What is the average height and weight of the top 50 highest ranked players?
# Show mean height and weight.
summarise(filter(player,player_api_id%in%(top50$player_api_id)),mean(height),mean(weight))
## mean(height) mean(weight)
## 1 182.4228 175.02
What is the preferred foot ratio?
# Show number of left and right footed players.
count(top50,preferred_foot)
## # A tibble: 2 x 2
## preferred_foot n
## <chr> <int>
## 1 left 10
## 2 right 40
Everything looks reasonable so far, but to further evaluate the quality of the data lets test the idea that similar players play at similar positions by grouping these players into four clusters (representing the four main positions in the game: goalkeeper, defender, midfielder, and striker).
# K-means object.
clusters <- kmeans(top50[,10:42],centers=4,iter.max=20,nstart=100)
# Returns the names of the players of the nth cluster.
clusterNames <- function(n) {
clust <- as.data.frame(split(top50,clusters$cluster)[n])
names(clust) <- names(top50)
sapply(c(1:nrow(clust)), function(i) getName(clust[i,]))
}
# Matrix of names of players per cluster.
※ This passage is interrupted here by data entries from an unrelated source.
Lemma jge_eqn_rel T (c : 'rV[F]_K) x : slice_mix_invertible T -> c != 0 -> x != 0 ->
  jge_eqn T c x -> jge_rel T c x.
Proof.
move=> [g g_unit] /rV0Pn[l0 c_l0] x0 hcx; split => //.
pose y := (c 0 l0)^-1 *: (T l0 *m x).
have hy l : T l *m x = c 0 l *: y.
  by apply: (scalerI c_l0); rewrite hcx /y !scalerA [c 0 l0 * _]mulrC mulfK.
exists y; split => //; apply: contraNneq x0 => y0.
have : (\sum_k g k *: T k) *m x = 0.
  by rewrite mulmx_suml big1 // => k _; rewrite -scalemxAl hy y0 !scaler0.
move/(congr1 (mulmx (invmx (\sum_k g k *: T k)))).
by rewrite mulmxA mulVmx // mul1mx mulmx0 => ->.
Qed.

Definition jge_factorization T (kap : F) (C : 'M[F]_(n, K)) (X : 'M[F]_n) :=
  [/\ forall s, row s C != 0, forall s, col s X != 0,
      pT T = kap%:MP * \prod_s lform (row s C) &
      forall s, jge_eqn T (row s C) (col s X)].

Lemma rank_le_jge_factorization T : rank_le T n -> slice_mix_invertible T ->
  exists kap C X, jge_factorization T kap C X.
Proof.
move=> /rank_le_factor[A [C [B hT]]] /pT_neq0; have hP := pT_diag_factor hT.
rewrite hP mulf_eq0 negb_or mpolyC_eq0 mulf_eq0 negb_or => /andP[/andP[_ dB] /prodf_neq0 lC].
have B_unit : B \in unitmx by rewrite unitmxE unitfE.
exists (\det A * \det B), C, (invmx B); split => // [s|s|s].
- by apply: contraNneq (lC s isT) => ->; rewrite lform0.
- by apply: unitmx_col_neq0; rewrite unitmx_inv.
- apply: (@jge_eqn_mulmx _ _ _ (col s A)) => k; rewrite colE mulmxA hT mulmxK //.
  by apply/colP => i; rewrite -colE [LHS]mxE mul_mx_diag !mxE mulrC.
Qed.

Lemma normalize_jge_factorization T kap C X : jge_factorization T kap C X ->
  exists kap' C' X', [/\ jge_factorization T kap' C' X',
    forall s, normalized (row s C') & forall s, normalized (col s X')].
Proof.
move=> [rC cX hP hE].
have /choice[a ha] : forall s, exists a, a != 0 /\ normalized (a *: row s C).
  by move=> s; apply: normalizable.
have /choice[b hb] : forall s, exists b, b != 0 /\ normalized (b *: col s X).
  by move=> s; apply: normalizable.
pose C' := \matrix_(s, k) (a s * C s k).
pose X' := \matrix_(i, s) (b s * X i s).
have rowC' s : row s C' = a s *: row s C by apply/rowP => k; rewrite !mxE.
have colX' s : col s X' = b s *: col s X by apply/colP => i; rewrite !mxE.
have a0 : \prod_s a s != 0 by apply/prodf_neq0 => s _; case: (ha s).
exists (kap / \prod_s a s), C', X'; split=> [|s|s]; rewrite ?rowC' ?colX'.
- split=> [s|s||s]; rewrite ?rowC' ?colX'.
  + by rewrite scaler_eq0 negb_or (rC s) andbT; case: (ha s).
  + by rewrite scaler_eq0 negb_or (cX s) andbT; case: (hb s).
  + have -> : \prod_s lform (row s C') = (\prod_s a s)%:MP * \prod_s lform (row s C).
      by rewrite rmorph_prod -big_split; apply: eq_bigr => s _; rewrite rowC' lformZ.
    by rewrite hP mulrA -rmorphM divfK.
  + exact: jge_eqnZ.
- by case: (ha s).
- by case: (hb s).
Qed.

End PencilFactor.

Section BorderRank.
Variables (F : numFieldType) (n K : nat).
Implicit Types (T : 'I_K -> 'M[F]_n) (S : nat -> 'I_K -> 'M[F]_n).

Lemma mcvg_pT S T : (forall k, mx_cvg (fun t => S t k) (T k)) ->
  mcvg (fun t => pT (S t)) (pT T).
Proof.
move=> hS; apply: mcvg_det => i j; rewrite mxE.
apply: mcvg_ext; last first.
  apply: mcvg_sum => k _; apply: mcvgM; first exact: mcvg_cst.
  exact: mcvgC (hS k i j).
by move=> t; rewrite mxE.
Qed.

Lemma jge_eqn_limit S T (c : nat -> 'rV[F]_K) (x : nat -> 'cV[F]_n) cl xl :
  (forall k, mx_cvg (fun t => S t k) (T k)) -> mx_cvg c cl -> mx_cvg x xl ->
  (forall t, jge_eqn (S t) (c t) (x t)) -> jge_eqn T cl xl.
Proof.
move=> hS hc hx hE k l.
have side k' l' : mx_cvg (fun t => c t 0 l' *: (S t k' *m x t)) (cl 0 l' *: (T k' *m xl)).
  exact: mx_cvgZ (hc 0 l') (mx_cvg_mulmx (hS k') hx).
by apply: mx_cvg_uniq (side k l) _; apply: mx_cvg_ext (side l k) => t; rewrite hE.
Qed.

Lemma jge_factorization_limit S T (kap : nat -> F) C X Cl Xl :
  (forall t, jge_factorization (S t) (kap t) (C t) (X t)) ->
  (forall t s, normalized (row s (C t))) -> (forall t s, normalized (col s (X t))) ->
  (forall k, mx_cvg (fun t => S t k) (T k)) -> mx_cvg C Cl -> mx_cvg X Xl ->
  exists kapl, jge_factorization T kapl Cl Xl.
Proof.
move=> hF nC nX hS hC hX.
have rCl s : row s Cl != 0 by apply: normalized_limit_neq0 (nC^~ s) (mx_cvg_row s hC).
have cXl s : col s Xl != 0 by apply: normalized_limit_neq0 (nX^~ s) (mx_cvg_col s hX).
have hQ : mcvg (fun t => \prod_s lform (row s (C t))) (\prod_s lform (row s Cl)).
  by apply: mcvg_prod => s _; apply: mcvg_lform; apply: mx_cvg_row.
have Q0 : \prod_s lform (row s Cl) != 0 by apply/prodf_neq0 => s _; apply: lform_neq0.
have hPt t : pT (S t) = (kap t)%:MP * \prod_s lform (row s (C t)) by case: (hF t).
have [kapl hP] := mcvg_scale hPt (mcvg_pT hS) hQ Q0.
exists kapl; split => // s.
apply: jge_eqn_limit hS (mx_cvg_row s hC) (mx_cvg_col s hX) _ => t.
by case: (hF t).
Qed.

Lemma slice_mix_invertible_near S T : slice_mix_invertible T ->
  (forall k, mx_cvg (fun t => S t k) (T k)) ->
  exists N, forall t, (N <= t)%N -> slice_mix_invertible (S t).
Proof.
move=> [g]; rewrite unitmxE unitfE => g_det hS.
have mix : mx_cvg (fun t => \sum_k g k *: S t k) (\sum_k g k *: T k).
  by apply: mx_cvg_sum => k _; apply: mx_cvgZ (seq_cvg_cst _) (hS k).
have [N hN] := seq_cvg_neq0 g_det (seq_cvg_det mix).
by exists N => t /hN det0; exists g; rewrite unitmxE unitfE.
Qed.

Hypothesis bwF : bolzano_weierstrass F.

Lemma border_rank_jge_factorization T : slice_mix_invertible T -> border_rank_le T n ->
  exists kap C X, jge_factorization T kap C X.
Proof.
move=> hT [S [rS /tensor_cvg_slices hS]].
have [N0 hN0] := slice_mix_invertible_near hT hS.
have /choice[d hd] : forall t, exists d : F * 'M[F]_(n, K) * 'M[F]_n,
    [/\ jge_factorization (S (t + N0)%N) d.1.1 d.1.2 d.2,
        forall s, normalized (row s d.1.2) & forall s, normalized (col s d.2)].
  move=> t; have [kap [C [X hF]]] := rank_le_jge_factorization (rS _) (hN0 _ (leq_addl t N0)).
  by have [kap' [C' [X' ?]]] := normalize_jge_factorization hF; exists (kap', C', X').
have [||phi inc [Cl [Xl [hC hX]]]] :=
  bolzano_weierstrass_mx2 bwF (A := fun t => (d t).1.2) (B := fun t => (d t).2).
- by move=> t; case: (hd t) => _ /normalized_rows_le1.
- by move=> t; case: (hd t) => _ _ /normalized_cols_le1.
suff [kapl ?] : exists kapl, jge_factorization T kapl Cl Xl by exists kapl, Cl, Xl.
apply: (jge_factorization_limit (S := fun t => S (phi t + N0)%N)
  (kap := fun t => (d (phi t)).1.1)) hC hX.
- by move=> t; case: (hd (phi t)).
- by move=> t; case: (hd (phi t)).
- by move=> t; case: (hd (phi t)).
- by move=> k; apply: mx_cvg_subseq (hS k) => i j /inc; rewrite ltn_add2r.
Qed.

End BorderRank.

Section LinearFactors.
Variables (F : numFieldType) (n K : nat).
Implicit Types (T : 'I_K -> 'M[F]_n) (lam : 'rV[F]_K).

Lemma jge_valueZ T lam a : a != 0 -> jge_value T lam -> jge_value T (a *: lam).
Proof.
move=> a0 [x [mu [/eqmxP mu_lam hx]]]; exists x, mu; split => //.
by apply/eqmxP; apply: eqmx_trans mu_lam (eqmx_sym (eqmx_scale _ a0)).
Qed.

Lemma jge_factorization_value T kap C X s : slice_mix_invertible T ->
  jge_factorization T kap C X -> jge_value T (row s C).
Proof.
move=> hT [rC cX _ hE]; exists (col s X), (row s C); split; first exact/eqmxP.
exact: jge_eqn_rel.
Qed.

End LinearFactors.
(* Let $X$ be a $G$-space such that the orbit map $\rho_X\colon X\to X/G$ admits a strict section, i.e. a continuous $s\colon X/G\to X$ with $\rho_X\circ s=\mathrm{id}_{X/G}$. Then (1) $\mathrm{cat}^{G,\infty}(X)=\mathrm{cat}(X/G)$, and (2) $\mathrm{TC}^{G,\infty}(X)=\mathrm{TC}(X/G)$.
   Context: All spaces are well-pointed CW complexes, $G$ a topological group acting cellularly; $x_0\in X$ is the base point. $\mathrm{cat}$ and $\mathrm{TC}$ denote the reduced Lusternik–Schnirelmann category and reduced topological complexity. $PX$ is the path space; $\mathcal{P}_k(X)=\{(\gamma_1,\dots,\gamma_k)\in(PX)^k\mid G\gamma_i(1)=G\gamma_{i+1}(0),\ 1\le i\le k-1\}$, $\pi_k(\gamma_1,\dots,\gamma_k)=(\gamma_1(0),\gamma_k(1))\in X\times X$. $\mathrm{secat}$ is reduced sectional category (least $n$ such that the base is covered by $n+1$ open sets each admitting a homotopy section). $\mathrm{TC}^{G,k}(X)=\mathrm{secat}(\pi_k)$, $\mathrm{TC}^{G,\infty}(X)=\min_k\mathrm{TC}^{G,k}(X)$. $P^k_*(X)=\{(\gamma_1,\dots,\gamma_k)\in\mathcal{P}_k(X)\mid\gamma_1(0)=x_0\}$, $q_k(\gamma_1,\dots,\gamma_k)=\gamma_k(1)$, $\mathrm{cat}^{G,k}(X)=\mathrm{secat}(q_k)$, $\mathrm{cat}^{G,\infty}(X)=\min_k\mathrm{cat}^{G,k}(X)$. *)

From HB Require Import structures.
From mathcomp Require Import all_boot all_order all_algebra.
From mathcomp Require Import all_classical all_reals topology.
From mathcomp Require Import Rstruct Rstruct_topology.
From Stdlib Require Import Rdefinitions.

Set Implicit Arguments.
Unset Strict Implicit.
Unset Printing Implicit Defensive.

Import Order.TTheory GRing.Theory Num.Theory.
Local Open Scope classical_set_scope.
Local Open Scope ring_scope.

Definition I01 : set R := [set t | (0 <= t <= 1)%R].

(** Infimum of a set of naturals in [option nat] (None = +infinity). *)
Lemma ex_asbool_nat (S : set nat) : (exists n, S n) -> exists n, `[< S n >].
Proof. by case=> n Sn; exists n; apply/asboolP. Qed.

Definition oinf (S : set nat) : option nat :=
  match pselect (exists n, S n) with
  | left h => Some (ex_minn (ex_asbool_nat h))
  | right _ => None
  end.

Definition is_top_group_action (G X : topologicalType)
    (mul : G -> G -> G) (inv : G -> G) (one : G) (act : G -> X -> X) : Prop :=
  [/\ continuous (fun p : G * G => mul p.1 p.2),
      continuous inv,
      continuous (fun p : G * X => act p.1 p.2),
      [/\ forall a b c, mul a (mul b c) = mul (mul a b) c,
          forall a, mul one a = a &
          forall a, mul (inv a) a = one] &
      (forall x, act one x = x) /\
      (forall a b x, act (mul a b) x = act a (act b x))].

Definition same_orbit (G X : Type) (act : G -> X -> X) (x y : X) : Prop :=
  exists g, act g x = y.

(** [rho : X -> Q] is (a model of) the orbit map X -> X/G: a surjection whose
    fibres are exactly the G-orbits and Q carries the quotient topology. *)
Definition is_orbit_map (G X Q : topologicalType) (act : G -> X -> X)
    (rho : X -> Q) : Prop :=
  [/\ forall q, exists x, rho x = q,
      forall x y, rho x = rho y <-> same_orbit act x y &
      forall V : set Q, open V <-> open (rho @^-1` V)].

(** ** Homotopies and homotopy sections (maps into path spaces are written in
    curried/adjoint form: a map U -> PX is a map U x [0,1] -> X continuous
    on U x [0,1]; [0,1] is locally compact Hausdorff, so this is the same as
    continuity into PX with the compact-open topology). *)

Definition htpy_on (Z Y : topologicalType) (U : set Z) (f g : Z -> Y) : Prop :=
  exists H : Z -> R -> Y,
    {within U `*` I01, continuous (fun z : Z * R => H z.1 z.2)} /\
    (forall b, U b -> H b 0 = f b /\ H b 1 = g b).

(** gam (indices 0..k-1) is a continuous map U -> P_k(X) where consecutive
    paths are glued along the relation [rel]: rel (gam_i(1)) (gam_{i+1}(0)). *)
Definition multipath_on (Z X : topologicalType) (rel : X -> X -> Prop)
    (k : nat) (U : set Z) (gam : nat -> Z -> R -> X) : Prop :=
  (forall i, (leq i.+1 k) ->
     {within U `*` I01, continuous (fun z : Z * R => gam i z.1 z.2)}) /\
  (forall b, U b -> forall i, (leq i.+2 k) -> rel (gam i b 1) (gam i.+1 b 0)).

(** U admits a homotopy section of pi_k : P_k(X) -> X x X,
    (g_1..g_k) |-> (g_1(0), g_k(1)). *)
Definition pi_hsec (X : topologicalType) (rel : X -> X -> Prop) (k : nat)
    (U : set (X * X)) : Prop :=
  exists gam, multipath_on rel k U gam /\
    htpy_on U (fun z => (gam 0%N z 0, gam k.-1 z 1)) id.

(** U admits a homotopy section of q_k : P^k_*(X) -> X, (g_1..g_k) |-> g_k(1),
    where P^k_*(X) requires g_1(0) = x0. *)
Definition q_hsec (X : topologicalType) (rel : X -> X -> Prop) (x0 : X)
    (k : nat) (U : set X) : Prop :=
  exists gam, multipath_on rel k U gam /\
    (forall z, U z -> gam 0%N z 0 = x0) /\
    htpy_on U (fun z => gam k.-1 z 1) id.

(** Reduced sectional category: least n such that the base is covered by
    n+1 open sets each admitting a homotopy section (None if there is none). *)
Definition secat_le (B : topologicalType) (hsec : set B -> Prop) (n : nat) :=
  exists U : 'I_n.+1 -> set B,
    (forall i, open (U i)) /\ (forall b, exists i, U i b) /\
    (forall i, hsec (U i)).

Definition secat (B : topologicalType) (hsec : set B -> Prop) : option nat :=
  oinf (secat_le hsec).

(** Ordinary (reduced) LS-category and topological complexity, as sectional
    categories of P_*(B) -> B and PB -> B x B (k = 1, no gluing). *)
Definition catLS (B : topologicalType) (b0 : B) : option nat :=
  secat (q_hsec (@eq B) b0 1).
Definition TC (B : topologicalType) : option nat :=
  secat (pi_hsec (@eq B) 1).

Definition TCGk (G X : topologicalType) (act : G -> X -> X) (k : nat) :=
  secat (pi_hsec (same_orbit act) k).
Definition catGk (G X : topologicalType) (act : G -> X -> X) (x0 : X) (k : nat) :=
  secat (q_hsec (same_orbit act) x0 k).

Definition TCGinf (G X : topologicalType) (act : G -> X -> X) : option nat :=
  oinf [set n | exists k, (leq 1 k) /\ TCGk act k = Some n].
Definition catGinf (G X : topologicalType) (act : G -> X -> X) (x0 : X) :=
  oinf [set n | exists k, (leq 1 k) /\ catGk act x0 k = Some n].

From mathcomp Require Import all_boot all_order all_algebra.
From mathcomp Require Import all_classical all_reals topology.
From mathcomp Require Import normedtype Rstruct Rstruct_topology.
From mathcomp Require Import unstable lra.
From Stdlib Require Import Rdefinitions.

Set Implicit Arguments.
Unset Strict Implicit.
Unset Printing Implicit Defensive.

Import Order.TTheory GRing.Theory Num.Theory.
Local Open Scope classical_set_scope.
Local Open Scope ring_scope.

(* Projecting by [rho] turns the orbit-gluing conditions of a multipath in [X]
   into equalities, so the projected paths concatenate into a single path of
   [X/G]; pulling an open cover back along [s] (resp. [s x s]) therefore bounds
   [cat(X/G)] (resp. [TC(X/G)]) by every [cat^{G,k}(X)] (resp. [TC^{G,k}(X)]).
   Conversely, [s] lifts a path of [X/G] and its homotopy to paths of [X] that
   start and end in the right orbits; framing them by constant paths (and, for
   [TC], by the reversed homotopy) gives a multipath of length 4 (resp. 5), so
   pulling covers back along [rho] gives the reverse inequalities. *)

Lemma within_continuous_precomp (T T' U : topologicalType) (A : set T)
    (B : set T') (phi : T -> T') (g : T' -> U) :
  continuous phi -> (forall x, A x -> B (phi x)) ->
  {within B, continuous g} -> {within A, continuous (g \o phi)}.
Proof.
move=> cphi AB /subspace_continuousP cg; apply/subspace_continuousP => x Ax.
apply: cvg_comp (cg _ (AB _ Ax)) => P /(cphi x); rewrite !nbhs_simpl /=.
by apply: filterS => y Py /AB.
Qed.

(* Pasting lemma relative to [A]; unlike [withinU_continuous], [A] need not be closed. *)
Lemma within_continuous_closed_cover (T U : topologicalType) (A C1 C2 : set T)
    (f : T -> U) :
  closed C1 -> closed C2 -> A `<=` C1 `|` C2 ->
  {within A `&` C1, continuous f} -> {within A `&` C2, continuous f} ->
  {within A, continuous f}.
Proof.
move=> cC1 cC2 AC h1 h2; apply/subspace_continuousP => x Ax W Wx.
have near_piece C : closed C -> {within A `&` C, continuous f} ->
    nbhs x (fun y => A y -> C y -> W (f y)).
  move=> cC /subspace_continuousP hC; have [Cx|nCx] := pselect (C x).
    move: (hC x (conj Ax Cx) W Wx); rewrite !nbhs_simpl /= /within /=.
    by apply: filterS => y Wy Ay Cy; exact: Wy.
  have : nbhs x (~` C) by apply: open_nbhs_nbhs; split=> //; exact: closed_openC.
  by apply: filterS => y nCy _ /nCy.
rewrite !nbhs_simpl /=.
apply: filterS (filterI (near_piece _ cC1 h1) (near_piece _ cC2 h2)).
by move=> y [W1 W2] Ay; case: (AC y Ay) => Cy; [exact: W1 | exact: W2].
Qed.

Lemma I01P (t : R) : I01 t <-> 0 <= t /\ t <= 1.
Proof. by split=> -[/RleP t0 /RleP t1]. Qed.

Lemma continuous_fst (T U : topologicalType) : continuous (@fst T U).
Proof. by move=> x; exact: cvg_fst. Qed.

Lemma continuous_snd (T U : topologicalType) : continuous (@snd T U).
Proof. by move=> x; exact: cvg_snd. Qed.

Lemma continuous_pair (T U V : topologicalType) (f : T -> U) (g : T -> V) :
  continuous f -> continuous g -> continuous (fun x => (f x, g x)).
Proof. by move=> cf cg x; apply: cvg_pair; [exact: cf | exact: cg]. Qed.

Lemma cylinder_affine_continuous (Z : topologicalType) (a b : R) :
  continuous (fun z : Z * R => (z.1, a * z.2 + b)).
Proof.
have affine : continuous (fun t : R => a * t + b).
  by move=> t; apply: (@cvgD _ R^o); [exact: mulrl_continuous | exact: cvg_cst].
apply: continuous_pair; first exact: continuous_fst.
by move=> z; exact: (continuous_comp (@continuous_snd Z R z) (affine z.2)).
Qed.

Definition path_family (Z Y : topologicalType) (U : set Z) (p : Z -> R -> Y) :=
  {within U `*` I01, continuous (fun z : Z * R => p z.1 z.2)}.

Section PathFamilies.
Variables (Z Y : topologicalType) (U : set Z).

Lemma path_family_cst (f : Z -> Y) :
  continuous f -> path_family U (fun z _ => f z).
Proof.
move=> cf; apply: continuous_subspaceT => z.
exact: (continuous_comp (@continuous_fst Z R z) (cf z.1)).
Qed.
(* The inverse of 1 + f in Q(d) is 1 - f \o beta^-1, where beta = id + d \o f. *)
Lemma Ustar_of_injective f :
  is_hom f -> injective (fun b => b + d (f b)) -> Ustar d f.
Proof.
move=> hf; set beta := fun b => b + d (f b) => inj_beta.
have hbeta : is_hom beta := is_homD (@is_hom_id _) (is_hom_comp hd hf).
pose binv := invF inj_beta.
have hbinv : is_hom binv by move=> u v; apply: (inj_beta); rewrite hbeta /binv !f_invF.
split=> //; exists (1%R, fun b => - f (binv b)); split=> /=.
- by move=> u v; rewrite hbinv hf opprD.
- split=> //= b; rewrite !mulr1z.
  have {2}-> : b = beta (binv b) by rewrite /binv f_invF.
  by rewrite /beta -/(binv b) raddfN (homN hf) hf addrA addNr add0r subrr.
- split=> //= b; rewrite !mulr1z -addrA -opprD -(hf (binv b)) -hbinv.
  by rewrite -/(beta b) /binv invF_f subrr.
Qed.

Section Transport.
Variables g g' : B -> A.
Hypotheses (idem_g : idem g) (idem_g' : idem g').

Let hg : is_hom g := idem_g.1.
Let hg' : is_hom g' := idem_g'.1.
Let gdg : forall b, g (d (g b)) = g b := idem_g.2.
Let gdg' : forall b, g' (d (g' b)) = g' b := idem_g'.2.

(* 1 + transport is (1 - g') (1 - g) + g' g in Q(d). *)
Definition transport (b : B) : A := (g' (d (g b)) - g b) + (g' (d (g b)) - g' b).

Lemma is_hom_transport : is_hom transport.
Proof.
have hgdg := is_hom_comp hg' (is_hom_comp hd hg).
exact: is_homD (is_homB hgdg hg) (is_homB hgdg hg').
Qed.

Lemma transport_kerA a : g (d a) = 0 -> a + transport (d a) = a - g' (d a).
Proof. by move=> ga0; rewrite /transport ga0 raddf0 (hom0 hg') subrr !add0r. Qed.

Lemma transport_imA a : g (d a) + transport (d (g (d a))) = g' (d (g (d a))).
Proof. by rewrite /transport gdg subrr addr0 addrC subrK. Qed.

Lemma transport_kerB b : d (g b) = 0 -> b + d (transport b) = b - d (g' b).
Proof.
move=> dgb0; rewrite /transport dgb0 (hom0 hg') !sub0r raddfD !raddfN dgb0.
by rewrite oppr0 add0r.
Qed.

Lemma transport_imB b : d (g b) + d (transport (d (g b))) = d (g' (d (g b))).
Proof. by rewrite /transport gdg subrr addr0 raddfB addrC subrK. Qed.

Hypotheses (nilp_g'g : nilp (corner g' g)) (nilp_gg' : nilp (corner g g')).

Lemma transport_injB : injective (fun b => b + d (transport b)).
Proof.
apply: hom_inj => [|b]; first exact: is_homD (@is_hom_id _) (is_hom_comp hd is_hom_transport).
set u := b - d (g b); set w := d (g b).
have dgu0 : d (g u) = 0 by rewrite /u (homB hg) raddfB gdg subrr.
have b_uw : b = u + w by rewrite subrK.
have hbeta := is_homD (@is_hom_id _) (is_hom_comp hd is_hom_transport).
rewrite b_uw hbeta transport_kerB // transport_imB => e.
have dg'w0 : d (g' w) = 0.
  have := congr1 (fun x => d (g' x)) e; rewrite /= (hom0 hg') raddf0.
  by rewrite hg' raddfD (homB hg') raddfB !gdg' subrr add0r.
move: e; rewrite dg'w0 addr0 => /eqP; rewrite subr_eq0 => /eqP u_dg'u.
have -> : u = 0.
  by apply: (nilp_fix0 nilp_gg'); rewrite /corner dgu0 !subr0 raddfB -u_dg'u dgu0 subr0.
suff -> : w = 0 by rewrite addr0.
apply: (nilp_fix0 nilp_g'g).
by rewrite /corner dg'w0 !subr0 /w gdg raddfB -/w dg'w0 subr0.
Qed.

Lemma Ustar_transport : Ustar d transport.
Proof. exact: Ustar_of_injective is_hom_transport transport_injB. Qed.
playersPerCluster <- sapply(c(1:length(clusters$size)),clusterNames)
# Show names of players per cluster.
sapply(c(1:length(clusters$size)), function(i) (playersPerCluster[i]))
## [[1]]
## [1] "Gianluigi Buffon" "Gregory Coupet" "Iker Casillas" "Manuel Neuer"
## [5] "Julio Cesar" "Petr Cech" "Dida"
##
## [[2]]
## [1] "Wayne Rooney" "Xavi Hernandez" "Andres Iniesta"
## [4] "Ronaldinho" "Thierry Henry" "Francesco Totti"
## [7] "Frank Lampard" "Kaka" "Ze Roberto"
## [10] "Cesc Fabregas" "David Villa" "Samuel Eto'o"
## [13] "Steven Gerrard" "Andrea Pirlo" "Bastian Schweinsteiger"
## [16] "Diego" "Joaquin"
##
## [[3]]
## [1] "Alessandro Nesta" "John Terry" "Carles Puyol" "Cris"
## [5] "Lucio" "Nemanja Vidic" "Gerard Pique" "Jamie Carragher"
##
## [[4]]
## [1] "Lionel Messi" "Cristiano Ronaldo" "Arjen Robben"
## [4] "David Trezeguet" "Franck Ribery" "Luis Suarez"
## [7] "Neymar" "Radamel Falcao" "Zlatan Ibrahimovic"
## [10] "Adriano" "Eden Hazard" "Luca Toni"
## [13] "Robin van Persie" "Carlos Tevez" "David Silva"
## [16] "Didier Drogba" "Fernando Torres" "Hernan Crespo"
We can see that two of these clusters are composed exclusively by goalkeepers and defenders, while the other two also seem to distinguish between midfielders and strikers.